Riders on the STORM
Puffins – they laugh in the face of 200km/h winds!
Its first steps are tentative. After all, its legs aren’t used to steady ground. This young Atlantic puffin has spent four years on the high seas – without once returning to dry land. It has seen waves higher than a house and flown through 200km/h winter storms. It has dived through salt water colder than ice. “And it has found the love of its life,” says Stephen Kress.
The American ornithologist has been observing the colonies of puffins in Newfoundland for more than 30 years. He has dedicated his life to researching the species, “because these animals symbolise the meaning of life like no other living beings.” Every year the same couple pair up in the same colony. They burrow a hollow on the edge of a steep cliff, furnish their home with seaweed and feathers, and raise a single chick there. The houseproud parents keep it warm and clean, and fly tirelessly round the clock to catch small fish with which to feed their nestling.
But after five to six weeks something weird happens, something virtually unheard of in the bird world: the young puffin crawls out of its hollow for the first time in its life, topples over the cliff into the sea – and vanishes.
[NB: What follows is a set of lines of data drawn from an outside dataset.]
(* Let $f:\mathbb{R}^{m\times n}\to\mathbb{R}$ ($m\ge n$) be differentiable with $\|\nabla f(X)-\nabla f(Y)\|_*\le L\|X-Y\|_2$ for all $X,Y$, where $L>0$. Let $\eta>0$ with $\eta L\le1$, let $X_t, B_t\in\mathbb{R}^{m\times n}$ be arbitrary, let $\Delta_t=\arg\min_\Delta\{\operatorname{tr}(B_t^\top\Delta)+\frac{1}{2\eta}\|\Delta\|_2^2\}$ (i.e. $\Delta_t=-\eta\|B_t\|_*UV^\top$ with $B_t=U\Sigma V^\top$ the compact SVD, $\Delta_t=0$ if $B_t=0$), and $X_{t+1}=X_t+\Delta_t$. Then $$\Big(\frac{\eta}{2}-\frac{\eta^2L}{2}\Big)\|\nabla f(X_t)\|_*^2\le 2\big(f(X_t)-f(X_{t+1})\big)+(2\eta-\eta^2L)\|\nabla f(X_t)-B_t\|_*^2.$$
   Context: $\|\cdot\|_2$ is the spectral norm (largest singular value) and $\|\cdot\|_*$ the nuclear norm (sum of singular values); $\operatorname{tr}(X^\top Y)$ is the Frobenius inner product. *)

From HB Require Import structures.
From mathcomp Require Import all_boot all_order all_algebra.
From mathcomp Require Import all_classical all_reals all_analysis.
Set Implicit Arguments. Unset Strict Implicit. Unset Printing Implicit Defensive.
Import Order.TTheory GRing.Theory Num.Theory.
Import numFieldNormedType.Exports.
Local Open Scope classical_set_scope.
Local Open Scope ring_scope.

Section Defs.
Context {R : realType} {m n : nat}.

(* Full singular value decomposition A = U S V^T with U, V orthogonal and
   S "rectangular diagonal" with nonnegative entries (the singular values
   are the diagonal entries S i i, i < min m n). *)
Definition is_svd (A : 'M[R]_(m, n)) (U : 'M[R]_m) (S : 'M[R]_(m, n))
    (V : 'M[R]_n) : Prop :=
  [/\ U^T *m U = 1%:M, V^T *m V = 1%:M,
      (forall (i : 'I_m) (j : 'I_n), (i : nat) <> j -> S i j = 0),
      (forall (i : 'I_m) (j : 'I_n), 0 <= S i j) &
      A = U *m S *m V^T].

Definition sv_mx (A : 'M[R]_(m, n)) : 'M[R]_(m, n) :=
  (xget (0, 0, 0) [set p : 'M[R]_m * 'M[R]_(m, n) * 'M[R]_n |
                   is_svd A p.1.1 p.1.2 p.2]).1.2.

Definition spec_norm (A : 'M[R]_(m, n)) : R :=
  \big[Num.max/0]_(i < m) \big[Num.max/0]_(j < n) sv_mx A i j.

Definition nuc_norm (A : 'M[R]_(m, n)) : R :=
  \sum_(i < m) \sum_(j < n) sv_mx A i j.

(* gradient of f at X: the matrix of partial derivatives
   (the Frobenius-representer of the differential when f is differentiable) *)
Definition grad (f : 'M[R]_(m, n) -> R) (X : 'M[R]_(m, n)) : 'M[R]_(m, n) :=
  \matrix_(i, j) derive f X (delta_mx i j).

End Defs.

(* The minimizer [Delta] of the spectral-norm model satisfies
   [|Delta|_2 = eta |B|_*] and [tr (B^T Delta) = - eta |B|_*^2], by trace duality
   between the nuclear and spectral norms.  The descent lemma
   [f (X + D) <= f X + tr (grad f(X)^T D) + L/2 |D|_2^2], obtained from the mean
   value theorem and the same duality, then gives
   [2 (f X_t - f X_(t+1)) >= 2 eta b^2 - 2 eta e b - L eta^2 b^2] with
   [b = |B_t|_*] and [e = |grad f(X_t) - B_t|_*]; since
   [|grad f(X_t)|_* <= b + e], the claim reduces to a nonnegative multiple of
   [(b - e)^2].  All the norm facts rest on the existence of a singular value
   decomposition, built inductively from a unit eigenvector of [A^T A] (real
   because [A^T A] is symmetric) and two Householder reflections. *)

From HB Require Import structures.
From mathcomp Require Import all_boot all_order all_algebra.
From mathcomp Require Import all_classical all_reals all_analysis.
From mathcomp Require Import complex ring lra zify.
Import Order.TTheory GRing.Theory Num.Theory.
Import numFieldNormedType.Exports.
Local Open Scope ring_scope.

Set Implicit Arguments. Unset Strict Implicit.

Section SquaredNorm.
Variable R : realType.

Definition sqnorm k (x : 'cV[R]_k) : R := (x^T *m x) 0 0.

Lemma sqnormE k (x : 'cV[R]_k) : sqnorm x = \sum_i x i 0 ^+ 2.
Proof. by rewrite /sqnorm mxE; apply: eq_bigr => i _; rewrite mxE expr2. Qed.

Lemma sqnorm_ge0 k (x : 'cV[R]_k) : 0 <= sqnorm x.
Proof. by rewrite sqnormE; apply: sumr_ge0 => i _; exact: sqr_ge0. Qed.

Lemma sqnorm_eq0 k (x : 'cV[R]_k) : (sqnorm x == 0) = (x == 0).
Proof.
apply/idP/eqP => [|->]; last by rewrite /sqnorm mulmx0 mxE.
rewrite sqnormE psumr_eq0 => [/allP x0|i _]; last exact: sqr_ge0.
apply/matrixP => i j; rewrite ord1 mxE; apply/eqP; rewrite -sqrf_eq0.
by apply: x0; rewrite mem_index_enum.
Qed.

Lemma sqnormZ k a (x : 'cV[R]_k) : sqnorm (a *: x) = a ^+ 2 * sqnorm x.
Proof. by rewrite !sqnormE mulr_sumr; apply: eq_bigr => i _; rewrite mxE exprMn. Qed.

Lemma sqnormN k (x : 'cV[R]_k) : sqnorm (- x) = sqnorm x.
Proof. by rewrite -scaleN1r sqnormZ sqrrN expr1n mul1r. Qed.

Lemma sqnorm_orthomx k (U : 'M[R]_k) (x : 'cV[R]_k) :
  U *m U^T = 1%:M -> sqnorm (U^T *m x) = sqnorm x.
Proof. by move=> UU; rewrite /sqnorm trmx_mul trmxK mulmxA -(mulmxA x^T) UU mulmx1. Qed.

Lemma sqnorm_normalize k (x : 'cV[R]_k) : x != 0 ->
  0 < sqnorm x /\ sqnorm ((Num.sqrt (sqnorm x))^-1 *: x) = 1.
Proof.
move=> xn0; have x_gt0 : 0 < sqnorm x by rewrite lt_def sqnorm_eq0 xn0 sqnorm_ge0.
by rewrite sqnormZ exprVn sqr_sqrtr ?mulVf ?lt0r_neq0 ?ltW.
Qed.

End SquaredNorm.

Section SymmetricEigenvector.
Variable R : realType.

Local Open Scope complex_scope.
Local Notation Re := (@complex.Re R).
Local Notation Im := (@complex.Im R).

Lemma Re_sum I (r : seq I) (F : I -> R[i]) :
  Re (\sum_(i <- r) F i) = \sum_(i <- r) Re (F i).
Proof. by apply: (big_morph Re) => // -[a b] [c d]. Qed.

Lemma Im_sum I (r : seq I) (F : I -> R[i]) :
  Im (\sum_(i <- r) F i) = \sum_(i <- r) Im (F i).
Proof. by apply: (big_morph Im) => // -[a b] [c d]. Qed.

Lemma Re_mulmx_real k (w : 'rV[R[i]]_k) (M : 'M[R]_k) :
  map_mx Re (w *m map_mx (real_complex R) M) = map_mx Re w *m M.
Proof.
apply/rowP => j; rewrite !mxE Re_sum; apply: eq_bigr => i _.
by rewrite !mxE; case: (w 0 i) => a b /=; rewrite mulr0 subr0.
Qed.

Lemma Im_mulmx_real k (w : 'rV[R[i]]_k) (M : 'M[R]_k) :
  map_mx Im (w *m map_mx (real_complex R) M) = map_mx Im w *m M.
Proof.
apply/rowP => j; rewrite !mxE Im_sum; apply: eq_bigr => i _.
by rewrite !mxE; case: (w 0 i) => a b /=; rewrite mulr0 add0r mulrC.
Qed.

Lemma Re_scale_mx k (z : R[i]) (w : 'rV[R[i]]_k) :
  map_mx Re (z *: w) = Re z *: map_mx Re w - Im z *: map_mx Im w.
Proof. by apply/rowP => j; rewrite !mxE; case: z; case: (w 0 j). Qed.

Lemma Im_scale_mx k (z : R[i]) (w : 'rV[R[i]]_k) :
  map_mx Im (z *: w) = Re z *: map_mx Im w + Im z *: map_mx Re w.
Proof. by apply/rowP => j; rewrite !mxE; case: z; case: (w 0 j) => a b c d /=; ring. Qed.

Lemma Re_Im_mx_eq0 k (w : 'rV[R[i]]_k) :
  map_mx Re w = 0 -> map_mx Im w = 0 -> w = 0.
Proof.
move=> /rowP Hre /rowP Him; apply/rowP => j.
by move: (Hre j) (Him j); rewrite !mxE; case: (w 0 j) => a b /= -> ->.
Qed.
Little hatchlings who have never seen the sun, never learnt how to catch fish; whose wings are too weak to carry their bodies, whose feathers have never got wet; these young things now tumble into the bitterly cold dark blue water, paddle out to sea and never look back. It’s as if they are born to be called into the Atlantic. And as if their elders know how powerful this call is, for they stand motionless next to one another at the entrance to their burrow, watching their offspring leap into the unknown.
The North Atlantic is considered one of the most dangerous oceans in the world, even in summer. But in winter it is nothing less than a hellish nightmare of monster waves, fields of pack ice and blizzards. What happens to the chicks out at sea? “It might sound unbelievable,” says Kress, “but they learn to catch fish and sort them in their mouths. They acclimatise to the sun and the Earth’s magnetic field and get the hang of navigation. They spread their wings and become surprisingly fleet fliers.”
Four years pass before the animals reach adulthood and become acquainted with the puffin they will spend the rest of their lives with. Together the new pair retreat to their colony to raise their own single chick, before watching on proudly as it follows the call of life.